You should give the insights of current environment according to the various context information, and then decide the next task status.

If the task is none or current step is done, you should increment the step number and update system status. Please return the json output in the tool call part:

\`\`\`json
{
  "reflection": "[your reflection about current environment]",
  "step": "[next step number]",
  "plan": "[steps array with id and title fields]",
  "status": "[next task description, a complete sentence tell user what to do next]",
}
\`\`\`

You should output the reflection first.

You should not output any response text and only return the tool call.

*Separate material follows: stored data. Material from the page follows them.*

(* Let $n\geq 2$, let $\mathbf{K},\mathbf{L}\in\mathbb{R}^{n\times n}$ be skew-symmetric matrices and let $S_1,S_2:\mathbb{R}^n\to\mathbb{R}$ be smooth functions. Consider the stochastic Runge-Kutta method described in the context (with $r$ stages in time, coefficients $a_{kj},b_k$, and $s$ stages in space, coefficients $\widetilde{a}_{mn},\widetilde{b}_m$), applied with time step $\tau>0$ and space step $h>0$ to $$\mathbf{K}\,{\rm d}_t z+\mathbf{L}z_x\,{\rm d}t=\nabla_z S_1(z)\,{\rm d}t+\nabla_z S_2(z)\circ {\rm d}W(t).$$ Assume that $$b_kb_j-b_ka_{kj}-b_ja_{jk}=0\quad\text{and}\quad \widetilde{b}_m\widetilde{b}_n-\widetilde{b}_m\widetilde{a}_{mn}-\widetilde{b}_n\widetilde{a}_{nm}=0$$ for all $k,j=1,\dots,r$ and all $m,n=1,\dots,s$. Then on every space-time cell (for all $p=0,1,\dots,P$ and $i=0,1,\dots,I$) the method satisfies, almost surely, the discrete stochastic multi-symplectic conservation law $$\frac{\omega^{p+1}-\omega^{p}}{\tau}+\frac{\kappa_{i+1}-\kappa_{i}}{h}=0,$$ where $$\omega^p=\frac{1}{2}\sum_{m=1}^s\widetilde{b}_m\,{\rm d}z_{m}^{p}\wedge \mathbf{K}\,{\rm d}z_{m}^{p},\qquad \kappa_{i}=\frac{1}{2}\sum_{k=1}^rb_k\,{\rm d}z_{i}^{k}\wedge \mathbf{L}\,{\rm d}z_{i}^{k},$$ and $\omega^{p+1},\kappa_{i+1}$ are defined analogously with $z_m^{p+1}$, $z_{i+1}^k$.
   Context: The equation is understood in the Stratonovich sense; $W$ is a $Q$-Wiener process on $H=L^2(\mathbb{R},\mathbb{R})$ with trace-class covariance $Q$ on a filtered probability space $(\Omega,\mathcal{F},P,\{\mathcal{F}_t\})$, with $Qe_j=\eta_je_j$ for an orthonormal basis $(e_j)$ and independent real Brownian motions $\beta_j$. The stochastic Runge-Kutta method: on a space-time cell $[x_i,x_{i+1}]\times[t_p,t_{p+1}]$ (with $x_{i+1}-x_i=h$, $t_{p+1}-t_p=\tau$) the unknowns are stage values $Z_m^k\in\mathbb{R}^n$ ($m=1,\dots,s$, $k=1,\dots,r$), discrete derivative values $\delta_tZ_m^k,\delta_xZ_m^k\in\mathbb{R}^n$, values $z_m^p,z_m^{p+1}\in\mathbb{R}^n$ (at time levels $t_p,t_{p+1}$ and spatial stage $m$) and $z_i^k,z_{i+1}^k\in\mathbb{R}^n$ (at spatial nodes $x_i,x_{i+1}$ and temporal stage $k$), related by $Z_{m}^{k}=z_{m}^{p}+\tau\sum_{j=1}^{r}a_{kj}\delta_tZ_{m}^{j}$, $z_{m}^{p+1}=z_{m}^{p}+\tau\sum_{k=1}^{r}b_{k}\delta_tZ_{m}^{k}$, $Z_{m}^{k}=z_{i}^{k}+h\sum_{n=1}^{s}\widetilde{a}_{mn}\delta_{x}Z_{n}^{k}$, $z_{i+1}^{k}=z_{i}^{k}+h\sum_{m=1}^{s}\widetilde{b}_{m}\delta_{x}Z_{m}^{k}$, $\tau\mathbf{K}\delta_{t}Z_{m}^{k}+\tau\mathbf{L}\delta_{x}Z_{m}^{k}=\tau\nabla_{z}S_1(Z_{m}^{k})+\nabla_{z}S_2(Z_{m}^{k})\Delta W_m^k$, where $\Delta W_m^k=\sum_{j=1}^\infty\sqrt{\eta_j}e_j(x_m)(\beta_j(t^{k+1})-\beta_j(t^{k}))$ is the Wiener increment at the stage point. Here ${\rm d}$ denotes the exterior differential in phase space (variations of the numerical solution with respect to initial data), and for a matrix $\mathbf{M}$, ${\rm d}z\wedge\mathbf{M}{\rm d}z=\sum_{a,b}\mathbf{M}_{ab}\,{\rm d}z_a\wedge{\rm d}z_b$. *)

From HB Require Import structures.
From mathcomp Require Import all_boot all_order all_algebra.
From mathcomp Require Import all_classical all_reals all_analysis.
Set Implicit Arguments. Unset Strict Implicit. Unset Printing Implicit Defensive.
Import Order.TTheory GRing.Theory Num.Theory.
Import numFieldNormedType.Exports.
Local Open Scope ring_scope.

Only when there is no existing plan in the current environment, you should return plan field with the following format:
- id: string (format: "step_XXX" where XXX is a sequential number starting from 001)
- title: string (clear, concise description of the step)

</task_description>


<think_steps>
For any given task or problem:
1. Analyze the requirements thoroughly
2. Create a systematic, step-by-step solution
3. Ensure each step is concrete and actionable
4. Maintain logical progression between steps
</think_steps>

<limitation>
You must follow these limitations:

- If there is plan exist, you should not return the plan field.
- Don't ask user anything, just tell user what to do next. If some points is not very clear, you should tell user your solution. Remember, you are a agent for human.
- Don't output any response text and only return the tool call.
- You should not repeat the same behavior or mean with previous steps.
- Don't output any file path in current machine and ensure the security in your message. Don't output any absolute path in your message.

</limitation>

<update_plan_in_process>

Only except user interrupt or start a new session, you CANNOT update the plan!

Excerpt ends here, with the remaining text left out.